HarryPlotter repeats the elements of lists that are shorter than the longest list. In case, shorter lists contain only one element, that behaviour is trivial: this element gets duplicated until the number of elements corresponds the length of the longest list (see section Iteration over only one parameter). In case the shorter contains more than one element, the behaviour is still well defined: This full list gets duplicated until the number of elements corresponds the length of the longest list. Example: The shorter list contains two elements a
and b
and the longest list five elements. This results in an expansion of the shorter list to [a, b, a, b, a]
. These elements get then matched with the ones of the longest list in the same ordering. In most cases, when a parameter is configured with more than one but less than the number of elements of the longest list, the resulting behaviour is not intended by the user and HarryPlotter assumes a misconfiguration. Therefore the warning is printed.
In the example above, the warning says that the paramters files
and others have a length of 3 (or could be trivially expanded) and the parameter folders
has only two values and therefore gets expanded.
The following example shows a misconfiguration
higgsplot.py -i gaussians3.root gaussians.root gaussians1000.root -f gaussians1 gaussians -x var0
Again, the same warning is given. Debug options --log-level debug
reveal
Item 2:
nicks -> None
x_expressions -> var0
y_expressions -> None
z_expressions -> None
x_bins -> None
y_bins -> None
z_bins -> None
scale_factors -> 1.0
files -> ['gaussians1000.root']
directories -> None
folders -> ['gaussians1']
weights -> 1.0
friend_trees -> None
tree_draw_options ->
that in the last item again the first configured folder
(gaussians1
) is matched to the iteration with files -> [gaussians1000.root]
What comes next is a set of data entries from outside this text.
(* Let $q\ge2$ and let $U$ be a $q\times q$ row-stochastic matrix with strictly positive entries. There is a constant $C_4$ independent of $n$ such that for all sufficiently large $n$: (i) if $\mathbf{t}_1,\mathbf{t}_2\in\mathcal{N}_{q,n}$ satisfy $\mathbf{t}_1=\mathbf{t}_2+\mathbf{e}_b-\mathbf{e}_a$ for some $a\ne b\in[1:q]$, then $d_{\mathrm{TV}}(W_{\mathbf{t}_1},W_{\mathbf{t}_2})\le\frac{C_4(\log n)^{(q-2)/2}}{\sqrt n}$; (ii) for any $\mathbf{t}_1,\mathbf{t}_2\in\mathcal{N}_{q,n}$, $d_{\mathrm{TV}}(W_{\mathbf{t}_1},W_{\mathbf{t}_2})\le\frac{C_4(\log n)^{(q-2)/2}}{\sqrt n}\,d_{\mathrm c}(\mathbf{t}_1,\mathbf{t}_2)$.
   Context: $\mathcal{N}_{q,n}=\{\mathbf{t}\in\mathbb{Z}_{\ge0}^q:\sum t_i=n\}$ is the set of compositions of vectors in $[1:q]^n$ (composition of $\mathbf{x}$: $(N(1|\mathbf{x}),\dots,N(q|\mathbf{x}))$, $N(c|\mathbf{x})=|\{i:x_i=c\}|$). For $\mathbf{t}\in\mathcal{N}_{q,n}$, $W_{\mathbf{t}}$ is the distribution of the composition of the output of $n$ independent uses of the DMC $U$ when the input is any vector of composition $\mathbf{t}$ (the output distribution of the $q$-ary noisy composition channel for input point mass at $\mathbf{t}$). $\mathbf{e}_c$ is the $c$-th unit vector. $d_{\mathrm c}(\mathbf{t},\mathbf{t}')=\frac12\sum_i|t_i-t_i'|$; $d_{\mathrm{TV}}(P,Q)=\frac12\sum|P-Q|$. Logarithms base 2. *)

From HB Require Import structures.
From mathcomp Require Import all_boot all_order all_algebra.
From mathcomp Require Import all_classical all_reals all_analysis.
Set Implicit Arguments. Unset Strict Implicit. Unset Printing Implicit Defensive.
Import Order.TTheory GRing.Theory Num.Theory.
Local Open Scope ring_scope.

(* Symbols [1:q] are 'I_q; vectors in [1:q]^n are {ffun 'I_n -> 'I_q}. *)

Definition comp (q n : nat) (x : {ffun 'I_n -> 'I_q}) : {ffun 'I_q -> nat} :=
  [ffun c => #|[set i | x i == c]|].

Definition inN (q n : nat) (t : {ffun 'I_q -> nat}) : bool :=
  (\sum_(c < q) t c)%N == n.

Definition comps (q n : nat) : seq {ffun 'I_q -> nat} :=
  undup [seq comp x | x <- enum {ffun 'I_n -> 'I_q}].

Definition evec (q : nat) (c : 'I_q) : {ffun 'I_q -> nat} :=
  [ffun i => nat_of_bool (i == c)].
Definition addcomp (q : nat) (s t : {ffun 'I_q -> nat}) : {ffun 'I_q -> nat} :=
  [ffun i => (s i + t i)%N].

Definition pos_stochastic (R : realType) (q : nat) (U : 'M[R]_q) : Prop :=
  (forall a b, 0 < U a b) /\ (forall a, \sum_(b < q) U a b = 1).

(* Output-composition distribution for a given input vector x:
   P(comp(Y) = s) where Y_i ~ U(x_i, .) independently. *)
Definition Wx (R : realType) (q n : nat) (U : 'M[R]_q)
  (x : {ffun 'I_n -> 'I_q}) (s : {ffun 'I_q -> nat}) : R :=
  \sum_(y : {ffun 'I_n -> 'I_q} | comp y == s) \prod_(i < n) U (x i) (y i).

(* W_t: use some (chosen) input vector of composition t; the distribution does
   not depend on the choice.  If t is not a composition, the zero function. *)
Definition W (R : realType) (q n : nat) (U : 'M[R]_q)
  (t : {ffun 'I_q -> nat}) (s : {ffun 'I_q -> nat}) : R :=
  match [pick x : {ffun 'I_n -> 'I_q} | comp x == t] with
  | Some x => Wx U x s
  | None => 0
  end.

Definition dTV (R : realType) (q n : nat) (U : 'M[R]_q)
  (t1 t2 : {ffun 'I_q -> nat}) : R :=
  2^-1 * \sum_(s <- comps q n) `|W n U t1 s - W n U t2 s|.

Definition dc (R : realType) (q : nat) (t1 t2 : {ffun 'I_q -> nat}) : R :=
  2^-1 * \sum_(i < q) `|(t1 i)%:R - (t2 i)%:R : R|.

Definition log2 (R : realType) (x : R) : R := ln x / ln 2.

Definition bnd (R : realType) (q n : nat) (C : R) : R :=
  C * (log2 (n%:R : R)) `^ (((q%:R : R) - 2) / 2) / Num.sqrt (n%:R).

From Pilot Require Import Defs.
From HB Require Import structures.
From mathcomp Require Import all_boot all_order all_algebra.
From mathcomp Require Import all_classical all_reals all_analysis.
From mathcomp Require Import fingroup perm.
From mathcomp Require Import ring lra zify.
Import Order.TTheory GRing.Theory Num.Theory.
Local Open Scope ring_scope.
Set Implicit Arguments. Unset Strict Implicit. Unset Printing Implicit Defensive.

(* Let mu > 0 bound every entry of U from below.  For any two symbols c <> d, each row of
   U is mu (delta_c + delta_d) plus a nonnegative remainder of mass 1 - 2 mu.  Inputs of
   adjacent compositions can be taken to differ in one position only, holding a and b; the
   difference of their output-composition laws is then (delta_b - delta_a) * L, with L the
   law of the other n - 1 outputs, and delta_b - delta_a = sum_e (U b e - U a e)
   (delta_e - delta_a).  Splitting every row of L as above bounds the total variation of
   (delta_e - delta_a) * L by the Binomial(n - 1, 2 mu) average over j of the total
   variation of (delta_e - delta_a) * ((delta_e + delta_a) / 2)^j, which telescopes to
   2 C(j, floor(j/2)) / 2^j <= 2 / sqrt(j + 1).  This gives O(1 / sqrt(mu n)) for adjacent
   compositions, with no logarithmic factor (that factor is >= 1 once n >= 2); part (ii)
   follows by the triangle inequality along d_c(t1, t2) single-symbol moves. *)

Lemma eq_big_support (T : eqType) (V : nmodType) (s1 s2 : seq T) (F : T -> V) :
  uniq s1 -> uniq s2 ->
  (forall k, F k != 0 -> k \in s1) -> (forall k, F k != 0 -> k \in s2) ->
  \sum_(k <- s1) F k = \sum_(k <- s2) F k.
Proof.
move=> u1 u2 h1 h2.
have nz s : \sum_(k <- s) F k = \sum_(k <- s | F k != 0) F k.
  by rewrite [RHS]big_mkcond; apply: eq_bigr => k _; case: ifPn => // /negPn/eqP.
rewrite nz (nz s2) -[LHS]big_filter -[RHS]big_filter.
apply/perm_big/uniq_perm; rewrite ?filter_uniq //.
by move=> k; rewrite !mem_filter; case nzk: (F k != 0); rewrite //= h1 ?h2.
Qed.

Section FiniteSignedMeasure.
Variables (R : numDomainType) (q : nat).
Local Notation K := {ffun 'I_q -> nat}.

(* Finitely supported signed measures on compositions, as lists of weighted atoms;
   lists are compared through [eqm], i.e. by their mass functions [massm]. *)
Definition fmeas := seq (R * K).
Implicit Types (M N P : fmeas) (k x : K) (G : K -> R).

Definition massm M k : R := \sum_(p <- M) (p.2 == k)%:R * p.1.
Definition integm M G : R := \sum_(p <- M) p.1 * G p.2.
Definition tvm M : R := \sum_(k <- undup (map snd M)) `|massm M k|.
Definition wnormm M : R := \sum_(p <- M) `|p.1|.
Definition convm M N : fmeas := [seq (p.1 * r.1, addcomp p.2 r.2) | p <- M, r <- N].
Definition scalem a M : fmeas := [seq (a * p.1, p.2) | p <- M].
Definition shiftm x M : fmeas := [seq (p.1, addcomp x p.2) | p <- M].
Definition eqm M N := forall k, massm M k = massm N k.

Lemma massm_notin M k : k \notin map snd M -> massm M k = 0.
Proof.
rewrite /massm; elim: M => [|p M IH]; first by rewrite big_nil.
rewrite /= in_cons negb_or big_cons => /andP[pk kM].
by rewrite IH // eq_sym (negbTE pk) mul0r add0r.
Qed.

Lemma tvm_sum M (s : seq K) : uniq s -> {subset map snd M <= s} ->
  tvm M = \sum_(k <- s) `|massm M k|.
Proof.
move=> us sub; apply: eq_big_support; rewrite ?undup_uniq // => k.
  by rewrite normr_eq0 mem_undup => nz; apply: contraR nz => /massm_notin ->.
by rewrite normr_eq0 => nz; apply: sub; apply: contraR nz => /massm_notin ->.
Qed.

Lemma massm_integm M k : massm M k = integm M (fun x => (x == k)%:R).
Proof. by apply: eq_bigr => p _; rewrite mulrC. Qed.

Lemma integm_sum M (s : seq K) G : uniq s -> {subset map snd M <= s} ->
  integm M G = \sum_(k <- s) massm M k * G k.
Proof.
move=> us sub; under eq_bigr do rewrite /massm mulr_suml.
rewrite exchange_big; apply: eq_big_seq => p pM.
rewrite (bigD1_seq p.2) ?sub ?map_f //= eqxx mul1r big1 ?addr0 // => k kp.
by rewrite eq_sym (negbTE kp) !mul0r.
Qed.

Lemma massm_cat M N k : massm (M ++ N) k = massm M k + massm N k.
Proof. exact: big_cat. Qed.

Section TwoMeasures.
Variables M N : fmeas.
Let s := undup (map snd (M ++ N)).
Let us : uniq s. Proof. exact: undup_uniq. Qed.
Let sM : {subset map snd M <= s}.
Proof. by move=> k; rewrite mem_undup map_cat mem_cat => ->. Qed.
Let sN : {subset map snd N <= s}.
Proof. by move=> k; rewrite mem_undup map_cat mem_cat orbC => ->. Qed.

Lemma tvm_cat : tvm (M ++ N) <= tvm M + tvm N.
Proof.
rewrite (tvm_sum us sM) (tvm_sum us sN) /tvm -/s -big_split /=.
by apply: ler_sum => k _; rewrite massm_cat ler_normD.
Qed.

Hypothesis eMN : eqm M N.

Lemma tvm_eqm : tvm M = tvm N.
Proof. by rewrite (tvm_sum us sM) (tvm_sum us sN); apply: eq_bigr => k _; rewrite eMN. Qed.

Lemma integm_eqm G : integm M G = integm N G.
Proof.
by rewrite (integm_sum _ us sM) (integm_sum _ us sN); apply: eq_bigr => k _; rewrite eMN.
Qed.

End TwoMeasures.

Lemma eqm_refl M : eqm M M. Proof. by []. Qed.
Lemma eqm_sym M N : eqm M N -> eqm N M. Proof. by move=> h k; rewrite h. Qed.
Lemma eqm_trans M N P : eqm M N -> eqm N P -> eqm M P.
Proof. by move=> h1 h2 k; rewrite h1 h2. Qed.

Lemma massm_scale a M k : massm (scalem a M) k = a * massm M k.
Proof. by rewrite /massm big_map mulr_sumr; apply: eq_bigr => p _; rewrite mulrCA. Qed.

Lemma eqm_cat M M' N N' : eqm M M' -> eqm N N' -> eqm (M ++ N) (M' ++ N').
Proof. by move=> h1 h2 k; rewrite !massm_cat h1 h2. Qed.

Lemma eqm_scale a M M' : eqm M M' -> eqm (scalem a M) (scalem a M').
Proof. by move=> h k; rewrite !massm_scale h. Qed.

Lemma tvm_scale a M : tvm (scalem a M) = `|a| * tvm M.
Proof.
have sub : {subset map snd (scalem a M) <= undup (map snd M)}.
  by move=> k; rewrite mem_undup /scalem -map_comp.
rewrite (tvm_sum (undup_uniq _) sub) /tvm mulr_sumr.
by apply: eq_bigr => k _; rewrite massm_scale normrM.
Qed.

Lemma integm_convm M N G :
  integm (convm M N) G = integm M (fun x => integm N (fun y => G (addcomp x y))).
Proof.
rewrite /integm /convm big_allpairs_dep; apply: eq_bigr => p _.
by rewrite mulr_sumr; apply: eq_bigr => r _; rewrite mulrA.
Qed.

Lemma eq_integm M G1 G2 : G1 =1 G2 -> integm M G1 = integm M G2.
Proof. by move=> eG; apply: eq_bigr => p _; rewrite eG. Qed.

Lemma integm_cat M N G : integm (M ++ N) G = integm M G + integm N G.
Proof. exact: big_cat. Qed.

Lemma integm_scale a M G : integm (scalem a M) G = a * integm M G.
Proof. by rewrite /integm big_map mulr_sumr; apply: eq_bigr => p _; rewrite mulrA. Qed.

Lemma exchange_integm M N (G : K -> K -> R) :
  integm M (fun x => integm N (G x)) = integm N (fun y => integm M (G^~ y)).
Proof.
rewrite /integm; under eq_bigr do rewrite mulr_sumr.
rewrite exchange_big; apply: eq_bigr => r _; rewrite mulr_sumr.
by apply: eq_bigr => p _; rewrite mulrCA.
Qed.

Lemma addcompC : commutative (@addcomp q).
Proof. by move=> x y; apply/ffunP => i; rewrite !ffunE addnC. Qed.

Lemma addcompA : associative (@addcomp q).
Proof. by move=> x y z; apply/ffunP => i; rewrite !ffunE addnA. Qed.

Lemma addcompI x : injective (addcomp x).
Proof.
move=> y z /ffunP e; apply/ffunP => i.
by have := e i; rewrite !ffunE => /addnI.
Qed.

Lemma eqm_convm M M' N N' : eqm M M' -> eqm N N' -> eqm (convm M N) (convm M' N').
Proof.
move=> e1 e2 k; rewrite !massm_integm !integm_convm (integm_eqm e1).
by apply: eq_integm => x; apply: integm_eqm.
Qed.

Lemma convmC M N : eqm (convm M N) (convm N M).
Proof.
move=> k; rewrite !massm_integm !integm_convm exchange_integm.
by apply: eq_integm => x; apply: eq_integm => y; rewrite addcompC.
Qed.

Lemma convmA M N P : eqm (convm (convm M N) P) (convm M (convm N P)).
Proof.
move=> k; rewrite !massm_integm !integm_convm.
apply: eq_integm => x; rewrite integm_convm; apply: eq_integm => y.
by apply: eq_integm => z; rewrite addcompA.
Qed.

Lemma convm_catl M1 M2 N : convm (M1 ++ M2) N = convm M1 N ++ convm M2 N.
Proof. exact: allpairs_cat. Qed.

Lemma convm_catr M N1 N2 : eqm (convm M (N1 ++ N2)) (convm M N1 ++ convm M N2).
Proof.
move=> k; rewrite massm_cat !massm_integm !integm_convm -big_split /=.
by apply: eq_bigr => p _; rewrite integm_cat mulrDr.
Qed.

Lemma convm_scalel a M N : eqm (convm (scalem a M) N) (scalem a (convm M N)).
Proof.
by move=> k; rewrite massm_scale !massm_integm !integm_convm integm_scale.
Qed.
. As this file does not contain a tree named gaussians1
, the configuration is wrong and an error is thrown later.
ERROR: Could not find ROOT object "gaussians1" in file "gaussians1000.root"! (roottools.py: line 71)
CRITICAL: Error getting ROOT object from file. Exiting. (inputroot.py: line 153)
In other cases, the run of HarryPlotter is still well defined and does fail. However, a possible misconfiguration might be more difficult to notice without this warning.